Here I am reading your post with tears in my eyes.. OMG..I am sitting here imagining the guy who thought he was so great and ran around with the "spook" finally get..I mean really get it.
You are so right..It is very hard to see when they do wake up. I think my XH has given me glimpses. Saying he was stupid..took me for granted..the R with the OW is way worse than ours..the whole deal. When I didn't bite the bait or react the way he thought I would, he got mad.
Back in the day, if he let his guard down and his vulnerablity show, I would have taken him back. Nope..Too much has been done.
The description you wrote about your X (chipdick) looking like a child who needed a hug, wow, that was really profound. I often saw my XH looking away when he would get the kids..While he sat in the car, I would peek out the window and see him just look off in the distance..glazed eyes. It almost gave me a pit in my stomach.
Boy, Mea, you have come a long way. Just remembering when the two of us started to post each other last year..maybe year and a half we both wanted our hubby's back.
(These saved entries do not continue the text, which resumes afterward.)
(* Let $0<p<1$ and let $X_p$ be a $\mathbb{P}^1(\mathbb{R})$-valued random variable satisfying $X_p \sim \frac{1}{X_p}+\epsilon_p$ with $\epsilon_p\sim\mathrm{Bernoulli}(p)$ independent of $X_p$. Then \[ \mathbb{E}\big[\log(X_p)\mathbf{1}_{\{X_p<1\}}\big]=(p-1)\,\mathbb{E}\big[\log(X_p)\mathbf{1}_{\{X_p>1\}}\big], \] \[ \mathbb{E}\big[\log(X_p)\mathbf{1}_{\{X_p>1\}}\big]=\frac1p\,\mathbb{E}[\log X_p], \qquad \mathbb{E}\big[\log(X_p)\mathbf{1}_{\{X_p<1\}}\big]=\frac{p-1}{p}\,\mathbb{E}[\log X_p]. \]
   Context: $\mathbb{P}^1(\mathbb{R})$ is identified with $\mathbb{R}\cup\{\infty\}$ (with $1/0=\infty$, $1/\infty=0$). $\epsilon_p\sim\mathrm{Bernoulli}(p)$ means $\mathbb{P}(\epsilon_p=1)=p$, $\mathbb{P}(\epsilon_p=0)=1-p$. The law of such $X_p$ is unique, atomless, $X_p\in(0,\infty)$ a.s., and $0<\mathbb{E}[\log X_p]<\infty$. *)

From HB Require Import structures.
From mathcomp Require Import all_boot all_order all_algebra.
From mathcomp Require Import all_classical all_reals all_analysis.
Set Implicit Arguments. Unset Strict Implicit. Unset Printing Implicit Defensive.
Import Order.TTheory GRing.Theory Num.Theory.
Local Open Scope classical_set_scope.
Local Open Scope ring_scope.

(* The real projective line P^1(R) = R ∪ {∞}: [Some r] is the real r,
   [None] is the point at infinity. *)
Definition P1 (R : realType) : Type := option R.

HB.instance Definition _ (R : realType) := Choice.on (P1 R).
HB.instance Definition _ (R : realType) := isPointed.Build (P1 R) None.

Section P1_measurable.
Variable R : realType.

(* Borel sigma-algebra of P^1(R): a set is measurable iff its trace on R
   is a Borel set (the point at infinity is a closed singleton). *)
Definition P1_measurable : set (set (P1 R)) :=
  fun A => measurable (Some @^-1` A : set R).

Lemma P1_measurable0 : P1_measurable set0.
Proof. by rewrite /P1_measurable preimage_set0; exact: measurable0. Qed.

Lemma P1_measurableC A : P1_measurable A -> P1_measurable (~` A).
Proof. by rewrite /P1_measurable preimage_setC => mA; exact: measurableC. Qed.

Lemma P1_measurable_bigcup (F : (set (P1 R))^nat) :
  (forall i, P1_measurable (F i)) -> P1_measurable (\bigcup_i F i).
Proof. by rewrite /P1_measurable preimage_bigcup => mF; exact: bigcupT_measurable. Qed.

HB.instance Definition _ := @isMeasurable.Build default_measure_display (P1 R)
  P1_measurable P1_measurable0 P1_measurableC P1_measurable_bigcup.

Definition P1inv (x : P1 R) : P1 R :=
  match x with
  | Some r => if r == 0 then None else Some r^-1
  | None => Some 0
  end.

Definition P1addr (x : P1 R) (e : R) : P1 R :=
  match x with
  | Some r => Some (r + e)
  | None => None
  end.

(* log on P^1(R) with values in the extended reals; log ∞ = +oo.
   (Only used where X > 0 a.s.; the value on nonpositive reals is the
   library's ln convention and is irrelevant, being a null event.) *)
Definition P1log (x : P1 R) : \bar R :=
  match x with
  | Some r => (ln r)%:E
  | None => +oo%E
  end.

Definition P1lt1 (x : P1 R) : bool :=
  match x with Some r => r < 1 | None => false end.
Definition P1gt1 (x : P1 R) : bool :=
  match x with Some r => 1 < r | None => true end.

End P1_measurable.

From HB Require Import structures.
From mathcomp Require Import all_boot all_order all_algebra.
From mathcomp Require Import all_classical all_reals all_analysis.
From mathcomp Require Import measurable_realfun ring.
Set Implicit Arguments. Unset Strict Implicit. Unset Printing Implicit Defensive.
Import Order.TTheory GRing.Theory Num.Theory.
Local Open Scope classical_set_scope.
Local Open Scope ring_scope.

(* Split log on P^1(R) into its positive and negative parts log^+ and log^-,
   so that the three integrals of the statement are E[log^+ X], -E[log^- X]
   and E[log^+ X] - E[log^- X].  As X has the law of Y = 1/X + eps, we get
   E[log^- X] = E[log^- Y].  Since X > 0 a.s., log^- Y = log^+ X on {eps = 0},
   while on {eps = 1} we have Y = 1/X + 1 > 1 and log^- Y = 0.  Independence of
   X and eps then gives E[log^- X] = P(eps = 0) E[log^+ X] = (1 - p) E[log^+ X],
   and the three identities follow by linear algebra, E[log^+ X] being finite
   because log X is integrable. *)

Section measurable_P1.
Variable R : realType.

Lemma measurable_fun_P1 d' (U : measurableType d') (f : P1 R -> U) :
  measurable_fun setT (f \o Some) -> measurable_fun setT f.
Proof.
by move=> mf _ B mB; rewrite setTI; have := mf measurableT B mB; rewrite setTI.
Qed.

Lemma measurable_Some : measurable_fun setT (@Some R : R -> P1 R).
Proof. by move=> _ A mA; rewrite setTI. Qed.

Lemma measurable_inv : measurable_fun [set: R] GRing.inv.
Proof.
(* powR has the same junk value 0 `^ (-1) = 0 as the inverse 0^-1 = 0 *)
have -> : GRing.inv = fun x : R => if 0 <= x then x `^ (-1) else - (- x) `^ (-1).
  apply/funext => x; case: ifPn => [x0|]; first by rewrite powR_inv1.
  by rewrite -ltNge => x0; rewrite powR_inv1 ?invrN ?opprK // oppr_ge0 ltW.
apply: measurable_fun_ifT.
- by apply: measurable_fun_ler => //; exact: measurable_cst.
- exact: measurable_powR.
- apply: measurable_funN.
  change (measurable_fun setT ((@powR R ^~ (-1)) \o (fun x => - x))).
  apply: measurableT_comp; first exact: measurable_powR.
  exact: measurable_funN.
Qed.

Lemma measurable_P1inv : measurable_fun setT (@P1inv R).
Proof.
apply: measurable_fun_P1 => /=; apply: measurable_fun_ifT.
- by apply: measurable_fun_eqr => //; exact: measurable_cst.
- exact: measurable_cst.
- apply: (measurableT_comp (f := @Some R : R -> P1 R)).
    exact: measurable_Some.
  exact: measurable_inv.
Qed.

Definition P1val (x : P1 R) : R := if x is Some r then r else 0.

Lemma measurable_P1val : measurable_fun setT P1val.
Proof. by apply: measurable_fun_P1; exact: measurable_id. Qed.

Lemma measurable_P1addr d (T : measurableType d) (f : T -> P1 R) (e : T -> R) :
  measurable_fun setT f -> measurable_fun setT e ->
  measurable_fun setT (fun w => P1addr (f w) (e w)).
Proof.
move=> mf me.
have -> : (fun w => P1addr (f w) (e w)) =
    fun w => if f w == None then None else Some (P1val (f w) + e w).
  by apply/funext => w; case: (f w).
apply: measurable_fun_ifT.
- apply: (measurableT_comp (f := fun x : P1 R => x == None)) mf.
  by apply: measurable_fun_P1; exact: measurable_cst.
- exact: measurable_cst.
- apply: (measurableT_comp (f := @Some R : R -> P1 R)).
    exact: measurable_Some.
  exact/measurable_funD/me/(measurableT_comp measurable_P1val mf).
Qed.

Lemma measurable_P1log : measurable_fun setT (@P1log R).
Proof.
by apply: measurable_fun_P1; apply/measurable_EFinP; exact: measurable_ln.
Qed.

End measurable_P1.

Section P1log_parts.
Variable R : realType.

Lemma P1log_gt1 x : (if P1gt1 x then P1log x else 0)%E = ((@P1log R)^\+ x)%E.
Proof.
case: x => [r|] /=; last by rewrite funeposE /= maxEge leey.
rewrite funeposE /= -[0%R]/(0%:E); case: ltrP => r1.
- by rewrite max_l // lee_fin ltW // ln_gt0.
- by rewrite max_r // lee_fin ln_le0.
Qed.

Lemma P1log_lt1 x : (if P1lt1 x then P1log x else 0)%E = (- (@P1log R)^\- x)%E.
Proof.
case: x => [r|] /=; last by rewrite funenegE /= max_r ?oppe0.
rewrite funenegE /= -[0%R]/(0%:E); case: ltrP => r1.
- by rewrite max_l /= ?opprK // lee_fin oppr_ge0 ln_le0 // ltW.
- by rewrite max_r ?oppe0 // lee_fin oppr_le0 ln_ge0.
Qed.

Lemma P1logn_inv_addr0 r : 0 < r ->
  ((@P1log R)^\- (P1addr (P1inv (Some r)) 0) = (@P1log R)^\+ (Some r))%E.
Proof.
move=> r0; rewrite funenegE funeposE /= gt_eqF // /P1addr /= addr0.
by rewrite lnV ?posrE // opprK.
Qed.

Lemma P1logn_inv_addr1 r : 0 < r ->
  ((@P1log R)^\- (P1addr (P1inv (Some r)) 1) = 0)%E.
Proof.
move=> r0; rewrite /= gt_eqF // funenegE /= max_r // lee_fin oppr_le0 ln_ge0 //.
by rewrite lerDr invr_ge0 ltW.
Qed.

End P1log_parts.

Section law_and_independence.
Context d (T : measurableType d) (R : realType).
Local Open Scope ereal_scope.

Lemma ge0_integral_pushforwardT (mu : {measure set T -> \bar R})
    d' (U : measurableType d') (X : T -> U) (mX : measurable_fun setT X)
    (f : U -> \bar R) :
  measurable_fun setT f -> (forall u, 0 <= f u) ->
  \int[pushforward mu X]_u f u = \int[mu]_w f (X w).
Proof. by move=> mf f0; rewrite ge0_integral_pushforward // preimage_setT. Qed.

Lemma ge0_integral_eq_law (mu : {measure set T -> \bar R})
    d' (U : measurableType d') (X Y : T -> U) (f : U -> \bar R) :
  measurable_fun setT X -> measurable_fun setT Y ->
  (forall A, measurable A -> mu (X @^-1` A) = mu (Y @^-1` A)) ->
  measurable_fun setT f -> (forall u, 0 <= f u) ->
  \int[mu]_w f (X w) = \int[mu]_w f (Y w).
Proof.
move=> mX mY XY mf f0.
rewrite -(ge0_integral_pushforwardT mu mX) //.
rewrite -(ge0_integral_pushforwardT mu mY) //.
by apply: eq_measure_integral => A mA _; exact: XY.
Qed.

Lemma ge0_integral_mrestr (mu : {measure set T -> \bar R}) (E : set T)
    (mE : measurable E) (g : T -> \bar R) :
  measurable_fun setT g -> (forall w, 0 <= g w) ->
  \int[mrestr mu mE]_w g w = \int[mu]_(w in E) g w.
Proof.
move=> mg g0.
rewrite -(setUv E) ge0_integral_setU //; last 3 first.
- exact: measurableC.
- by rewrite setUv.
- by apply/disj_set2P; rewrite setICr.
have -> : \int[mrestr mu mE]_(w in ~` E) g w = 0.
  rewrite (eq_measure_integral mzero) ?integral_measure_zero // => A mA AE.
  move/subsets_disjoint: AE; rewrite setCK => AE0.
  by rewrite /= /mrestr AE0 measure0.
rewrite adde0; apply: eq_measure_integral => A mA AE.
by rewrite /= /mrestr setIidl.
Qed.

Lemma ge0_integral_indep (P : probability T R) d' d'' (U : measurableType d')
    (V : measurableType d'') (X : T -> U) (e : T -> V) (B : set V)
    (f : U -> \bar R) :
  measurable_fun setT X -> measurable_fun setT e -> measurable B ->
  (forall A, measurable A ->
     P (X @^-1` A `&` e @^-1` B) = P (X @^-1` A) * P (e @^-1` B)) ->
  measurable_fun setT f -> (forall u, 0 <= f u) ->
  \int[P]_(w in e @^-1` B) f (X w) = P (e @^-1` B) * \int[P]_w f (X w).
Proof.
move=> mX me mB indep mf f0.
have mE : measurable (e @^-1` B) by rewrite -[_ @^-1` _]setTI; exact: me.
have PE := fineK (fin_num_measure P _ mE).
pose c : {nonneg R} := NngNum (fine_ge0 (measure_ge0 P (e @^-1` B))).
(* the law of X under P restricted to {e \in B} is P(e \in B) times its law *)
rewrite -ge0_integral_mrestr //; last exact: measurableT_comp mf mX.
rewrite -!(ge0_integral_pushforwardT _ mX) // -PE -[fine _]/(c%:num).
rewrite -ge0_integral_mscale //.
apply: eq_measure_integral => A mA _.
change (P (X @^-1` A `&` e @^-1` B) =
  (fine (P (e @^-1` B)))%:E * P (X @^-1` A)).
by rewrite indep // PE muleC.
Qed.

Lemma probability1_ae (P : probability T R) (A : set T) :
  measurable A -> P A = 1 -> {ae P, forall w, A w}.
Proof.
move=> mA PA; exists (~` A); split => //; first exact: measurableC.
by rewrite probability_setC // PA subee.
Qed.

End law_and_independence.

Section inverse_plus_bernoulli.
Variables (R : realType) (d : measure_display) (T : measurableType d)
  (P : probability T R) (p : R) (X : T -> P1 R) (eps : T -> R).
Hypotheses (mX : measurable_fun setT X) (meps : measurable_fun setT eps).
Hypothesis Peps1 : P (eps @^-1` [set 1]) = p%:E.
Hypothesis Peps0 : P (eps @^-1` [set 0]) = (1 - p)%:E.
Hypothesis indep : forall (A : set (P1 R)) (B : set R),
  measurable A -> measurable B ->
  P (X @^-1` A `&` eps @^-1` B) = (P (X @^-1` A) * P (eps @^-1` B))%E.
Hypothesis law : forall A : set (P1 R), measurable A ->
  P (X @^-1` A) = P ((fun w => P1addr (P1inv (X w)) (eps w)) @^-1` A).
Hypothesis Xpos : P [set w | exists r : R, X w = Some r /\ 0 < r] = 1%E.

Let measurable_eps_set1 e : measurable (eps @^-1` [set e]).
Proof. by rewrite -[_ @^-1` _]setTI; exact: meps. Qed.

Lemma eps01_ae : {ae P, forall w, eps w = 0 \/ eps w = 1}.
Proof.
apply: (probability1_ae (A := eps @^-1` [set 0] `|` eps @^-1` [set 1])).
  exact: measurableU.
rewrite measureU //; last first.
  by apply/seteqP; split => w //= [-> /esym/eqP]; rewrite oner_eq0.
transitivity ((1 - p)%:E + p%:E)%E; last by rewrite -EFinD subrK.
by congr (_ + _)%E; [exact: Peps0|exact: Peps1].
Qed.

Lemma X_pos_ae : {ae P, forall w, exists r, X w = Some r /\ 0 < r}.
Proof.
apply: probability1_ae Xpos.
have -> : [set w | exists r, X w = Some r /\ 0 < r] =
    X @^-1` [set x : P1 R | exists r, x = Some r /\ 0 < r] by [].
rewrite -[X @^-1` _]setTI; apply: mX => //.
rewrite /measurable /= /P1_measurable.
rewrite (_ : Some @^-1` _ = `]0, +oo[%classic); first exact: measurable_itv.
apply/seteqP; split => x /=; rewrite in_itv /= andbT; first by case=> r [[<-]].
by move=> x0; exists x.
Qed.

Lemma integral_P1logn :
  (\int[P]_w (@P1log R)^\- (X w)
    = (1 - p)%:E * \int[P]_w (@P1log R)^\+ (X w))%E.
Proof.
pose Y w := P1addr (P1inv (X w)) (eps w).
have mY : measurable_fun setT Y.
  apply: measurable_P1addr meps.
  by apply: (measurableT_comp (f := @P1inv R)) mX; exact: measurable_P1inv.
have mlogp := measurable_funepos (@measurable_P1log R).
have mlogn := measurable_funeneg (@measurable_P1log R).
rewrite (ge0_integral_eq_law mX mY law mlogn) //.
rewrite -Peps0 -(ge0_integral_indep mX meps (measurable_set1 0) _ mlogp) //;
  last by move=> A mA; exact: indep (measurable_set1 0).
rewrite [RHS]integral_mkcond; apply: ge0_ae_eq_integral => //.
- exact: measurableT_comp mlogn mY.
- apply/(measurable_restrictT _ _).1 => //; apply: measurable_funTS.
  exact: measurableT_comp mlogp mX.
- by move=> w _; rewrite /patch; case: ifP.
apply: filterS2 eps01_ae X_pos_ae => w e01 [r [Xw r0]] _.
rewrite /patch /Y Xw; case: e01 => ew; rewrite ew.
- by rewrite mem_set // P1logn_inv_addr0.
- rewrite memNset ?P1logn_inv_addr1 //= ew => /eqP.
  by rewrite oner_eq0.
Qed.

End inverse_plus_bernoulli.

Theorem lemma3p2 (R : realType) (d : measure_display) (T : measurableType d)
  (P : probability T R) (p : R) (X : T -> P1 R) (eps : T -> R) :
  0 < p -> p < 1 ->
  measurable_fun setT X -> measurable_fun setT eps ->
  P (eps @^-1` [set 1]) = p%:E ->
  P (eps @^-1` [set 0]) = (1 - p)%:E ->
  (forall (A : set (P1 R)) (B : set R), measurable A -> measurable B ->
     P (X @^-1` A `&` eps @^-1` B) = (P (X @^-1` A) * P (eps @^-1` B))%E) ->
  (forall A : set (P1 R), measurable A ->
     P (X @^-1` A) = P ((fun w => P1addr (P1inv (X w)) (eps w)) @^-1` A)) ->
  P [set w | exists r : R, X w = Some r /\ 0 < r] = 1%E ->
  P.-integrable setT (fun w => P1log (X w)) ->
  (\int[P]_w (if P1lt1 (X w) then P1log (X w) else 0%E)
     = (p - 1)%:E * \int[P]_w (if P1gt1 (X w) then P1log (X w) else 0%E))%E
  /\ (\int[P]_w (if P1gt1 (X w) then P1log (X w) else 0%E)
     = (p^-1)%:E * \int[P]_w P1log (X w))%E
  /\ (\int[P]_w (if P1lt1 (X w) then P1log (X w) else 0%E)
     = ((p - 1) / p)%:E * \int[P]_w P1log (X w))%E.
Proof.
move=> p0 _ mX meps Peps1 Peps0 indep law Xpos intL.
have Egt : (\int[P]_w (if P1gt1 (X w) then P1log (X w) else 0)
    = \int[P]_w (@P1log R)^\+ (X w))%E.
  by apply: eq_integral => w _; exact: P1log_gt1.
have Elt : (\int[P]_w (if P1lt1 (X w) then P1log (X w) else 0)
    = - \int[P]_w (@P1log R)^\- (X w))%E.
  rewrite -integral_ge0N; last by move=> w _; exact: funeneg_ge0.
  by apply: eq_integral => w _; exact: P1log_lt1.
have Elog : (\int[P]_w P1log (X w)
    = \int[P]_w (@P1log R)^\+ (X w) - \int[P]_w (@P1log R)^\- (X w))%E.
  by rewrite integralE funepos_comp funeneg_comp.
rewrite Egt Elt Elog (integral_P1logn mX meps Peps1 Peps0 indep law Xpos).
have := integrable_fin_num measurableT (integrable_funepos measurableT intL).
rewrite funepos_comp.
move: (\int[P]_w _)%E => a /fineK <-.
have pn0 : p != 0 by rewrite gt_eqF.
by split; [|split]; rewrite -?EFinM -?EFinN -?EFinB -?EFinM; congr EFin; field.
Qed.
You are so right. I do hope that all of our friends hubby who are in MLC get it before it's too late. It is so so sad to see how they have done so much damage to the family and cannot return.
I was always a person who could forgive and forget. I do forgive him. But I don't think I could ever forget most of the stuff he did to me or the kids. I would always wonder if he had that nasty side in him if I were to become friends with him again.
As for the house, I do hope you can move in. That makes me so happy to think that you could get it after all!